##### STORED DATA
(* Let $a,b,d,f,c\in\mathbb{C}$ with $b\neq0$ and $d\neq0$. Then for every orbit $(z_1(n),z_2(n))$ of the system, $(z_1(n))$ is bounded if and only if $(z_2(n))$ is bounded.
   Context: The 2D coupled quadratic system with connectivity matrix $A=\begin{pmatrix}a&b\\ d&f\end{pmatrix}$ and parameter $c\in\mathbb{C}$ is the iteration $z_1(n+1)=(az_1(n)+bz_2(n))^2+c$, $z_2(n+1)=(dz_1(n)+fz_2(n))^2+c$, $n\ge 0$, from an initial condition $(z_1(0),z_2(0))\in\mathbb{C}^2$. *)

From Stdlib Require Import Reals.
From Coquelicot Require Import Coquelicot.
Open Scope R_scope.

Fixpoint orbit (a b d f c : C) (z0 : C * C) (n : nat) : C * C :=
  match n with
  | O => z0
  | S m =>
      let z := orbit a b d f c z0 m in
      (Cplus (Cmult (Cplus (Cmult a (fst z)) (Cmult b (snd z)))
                    (Cplus (Cmult a (fst z)) (Cmult b (snd z)))) c,
       Cplus (Cmult (Cplus (Cmult d (fst z)) (Cmult f (snd z)))
                    (Cplus (Cmult d (fst z)) (Cmult f (snd z)))) c)
  end.

Definition bounded_seq (u : nat -> C) : Prop :=
  exists M : R, forall n : nat, Cmod (u n) <= M.

(* If z1 is bounded, then z1(n+1) - c = (a z1(n) + b z2(n))^2 bounds the linear
   form a z1(n) + b z2(n), and since b <> 0 one can solve it for z2(n).  The
   converse is the same argument with the roles of (a, b) and (f, d) swapped. *)
From Stdlib Require Import Reals.
From Coquelicot Require Import Coquelicot.
From Stdlib Require Import Lra Psatz.

Local Open Scope C_scope.

Lemma bounded_seq_ext (u v : nat -> C) :
  (forall n, u n = v n) -> bounded_seq u -> bounded_seq v.
Proof.
  intros Huv [M HM]; exists M; intro n; rewrite <- Huv; apply HM.
Qed.

Lemma bounded_seq_plus (u v : nat -> C) :
  bounded_seq u -> bounded_seq v -> bounded_seq (fun n => u n + v n).
Proof.
  intros [M HM] [N HN]; exists (M + N)%R; intro n.
  eapply Rle_trans; [apply Cmod_triangle | apply Rplus_le_compat; auto].
Qed.

Lemma bounded_seq_scal (k : C) (u : nat -> C) :
  bounded_seq u -> bounded_seq (fun n => k * u n).
Proof.
  intros [M HM]; exists (Cmod k * M)%R; intro n.
  rewrite Cmod_mult; apply Rmult_le_compat_l; [apply Cmod_ge_0 | apply HM].
Qed.

Lemma Cmod_le_of_Cmod_sqr_le (w : C) (K : R) :
  Cmod (w * w) <= K -> Cmod w <= K + 1.
Proof.
  rewrite Cmod_mult; intro Hw; pose proof (Cmod_ge_0 w); nra.
Qed.

Lemma bounded_seq_sqrt_shift (x w : nat -> C) (c : C) :
  (forall n, x (S n) = w n * w n + c) -> bounded_seq x -> bounded_seq w.
Proof.
  intros Hxw [M HM]; exists (M + Cmod c + 1)%R; intro n.
  apply Cmod_le_of_Cmod_sqr_le.
  replace (w n * w n) with (x (S n) + - c) by (rewrite Hxw; ring).
  eapply Rle_trans; [apply Cmod_triangle |].
  rewrite Cmod_opp; specialize (HM (S n)); lra.
Qed.

Lemma bounded_seq_solve_linear (p q : C) (x y : nat -> C) : q <> 0 ->
  bounded_seq x -> bounded_seq (fun n => p * x n + q * y n) -> bounded_seq y.
Proof.
  intros Hq Hx Hw.
  apply (bounded_seq_ext (fun n => / q * ((p * x n + q * y n) + - p * x n))).
  - intro n; field; exact Hq.
  - apply bounded_seq_scal, bounded_seq_plus; [exact Hw |].
    apply bounded_seq_scal, Hx.
Qed.

Lemma bounded_seq_coupled_quadratic (p q c : C) (x y : nat -> C) : q <> 0 ->
  (forall n, x (S n) = (p * x n + q * y n) * (p * x n + q * y n) + c) ->
  bounded_seq x -> bounded_seq y.
Proof.
  intros Hq Hxy Hx.
  apply (bounded_seq_solve_linear p q x y Hq Hx).
  exact (bounded_seq_sqrt_shift x _ c Hxy Hx).
Qed.

Theorem mainTheorem6 (a b d f c : C) (z0 : C * C) :
  b <> 0%C -> d <> 0%C ->
  (bounded_seq (fun n => fst (orbit a b d f c z0 n)) <->
   bounded_seq (fun n => snd (orbit a b d f c z0 n))).
Proof.
  intros Hb Hd; split.
  - apply (bounded_seq_coupled_quadratic a b c); [exact Hb | reflexivity].
  - apply (bounded_seq_coupled_quadratic f d c); [exact Hd |].
    intro n; simpl; rewrite (Cplus_comm (d * _)); reflexivity.
Qed.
##########
WORK TO BE COMPLETED:
Give an exact transcription of the data shown above.

TASK RESULT:
(* Let $a,b,d,f,c\in\mathbb{C}$ with $b\neq0$ and $d\neq0$. Then for every orbit $(z_1(n),z_2(n))$ of the system, $(z_1(n))$ is bounded if and only if $(z_2(n))$ is bounded.
   Context: The 2D coupled quadratic system with connectivity matrix $A=\begin{pmatrix}a&b\\ d&f\end{pmatrix}$ and parameter $c\in\mathbb{C}$ is the iteration $z_1(n+1)=(az_1(n)+bz_2(n))^2+c$, $z_2(n+1)=(dz_1(n)+fz_2(n))^2+c$, $n\ge 0$, from an initial condition $(z_1(0),z_2(0))\in\mathbb{C}^2$. *)

From Stdlib Require Import Reals.
From Coquelicot Require Import Coquelicot.
Open Scope R_scope.

Fixpoint orbit (a b d f c : C) (z0 : C * C) (n : nat) : C * C :=
  match n with
  | O => z0
  | S m =>
      let z := orbit a b d f c z0 m in
      (Cplus (Cmult (Cplus (Cmult a (fst z)) (Cmult b (snd z)))
                    (Cplus (Cmult a (fst z)) (Cmult b (snd z)))) c,
       Cplus (Cmult (Cplus (Cmult d (fst z)) (Cmult f (snd z)))
                    (Cplus (Cmult d (fst z)) (Cmult f (snd z)))) c)
  end.

Definition bounded_seq (u : nat -> C) : Prop :=
  exists M : R, forall n : nat, Cmod (u n) <= M.

(* If z1 is bounded, then z1(n+1) - c = (a z1(n) + b z2(n))^2 bounds the linear
   form a z1(n) + b z2(n), and since b <> 0 one can solve it for z2(n).  The
   converse is the same argument with the roles of (a, b) and (f, d) swapped. *)
From Stdlib Require Import Reals.
From Coquelicot Require Import Coquelicot.
From Stdlib Require Import Lra Psatz.

Local Open Scope C_scope.

Lemma bounded_seq_ext (u v : nat -> C) :
  (forall n, u n = v n) -> bounded_seq u -> bounded_seq v.
Proof.
  intros Huv [M HM]; exists M; intro n; rewrite <- Huv; apply HM.
Qed.

Lemma bounded_seq_plus (u v : nat -> C) :
  bounded_seq u -> bounded_seq v -> bounded_seq (fun n => u n + v n).
Proof.
  intros [M HM] [N HN]; exists (M + N)%R; intro n.
  eapply Rle_trans; [apply Cmod_triangle | apply Rplus_le_compat; auto].
Qed.

Lemma bounded_seq_scal (k : C) (u : nat -> C) :
  bounded_seq u -> bounded_seq (fun n => k * u n).
Proof.
  intros [M HM]; exists (Cmod k * M)%R; intro n.
  rewrite Cmod_mult; apply Rmult_le_compat_l; [apply Cmod_ge_0 | apply HM].
Qed.

Lemma Cmod_le_of_Cmod_sqr_le (w : C) (K : R) :
  Cmod (w * w) <= K -> Cmod w <= K + 1.
Proof.
  rewrite Cmod_mult; intro Hw; pose proof (Cmod_ge_0 w); nra.
Qed.

Lemma bounded_seq_sqrt_shift (x w : nat -> C) (c : C) :
  (forall n, x (S n) = w n * w n + c) -> bounded_seq x -> bounded_seq w.
Proof.
  intros Hxw [M HM]; exists (M + Cmod c + 1)%R; intro n.
  apply Cmod_le_of_Cmod_sqr_le.
  replace (w n * w n) with (x (S n) + - c) by (rewrite Hxw; ring).
  eapply Rle_trans; [apply Cmod_triangle |].
  rewrite Cmod_opp; specialize (HM (S n)); lra.
Qed.

Lemma bounded_seq_solve_linear (p q : C) (x y : nat -> C) : q <> 0 ->
  bounded_seq x -> bounded_seq (fun n => p * x n + q * y n) -> bounded_seq y.
Proof.
  intros Hq Hx Hw.
  apply (bounded_seq_ext (fun n => / q * ((p * x n + q * y n) + - p * x n))).
  - intro n; field; exact Hq.
  - apply bounded_seq_scal, bounded_seq_plus; [exact Hw |].
    apply bounded_seq_scal, Hx.
Qed.

Lemma bounded_seq_coupled_quadratic (p q c : C) (x y : nat -> C) : q <> 0 ->
  (forall n, x (S n) = (p * x n + q * y n) * (p * x n + q * y n) + c) ->
  bounded_seq x -> bounded_seq y.
Proof.
  intros Hq Hxy Hx.
  apply (bounded_seq_solve_linear p q x y Hq Hx).
  exact (bounded_seq_sqrt_shift x _ c Hxy Hx).
Qed.

Theorem mainTheorem6 (a b d f c : C) (z0 : C * C) :
  b <> 0%C -> d <> 0%C ->
  (bounded_seq (fun n => fst (orbit a b d f c z0 n)) <->
   bounded_seq (fun n => snd (orbit a b d f c z0 n))).
Proof.
  intros Hb Hd; split.
  - apply (bounded_seq_coupled_quadratic a b c); [exact Hb | reflexivity].
  - apply (bounded_seq_coupled_quadratic f d c); [exact Hd |].
    intro n; simpl; rewrite (Cplus_comm (d * _)); reflexivity.
Qed.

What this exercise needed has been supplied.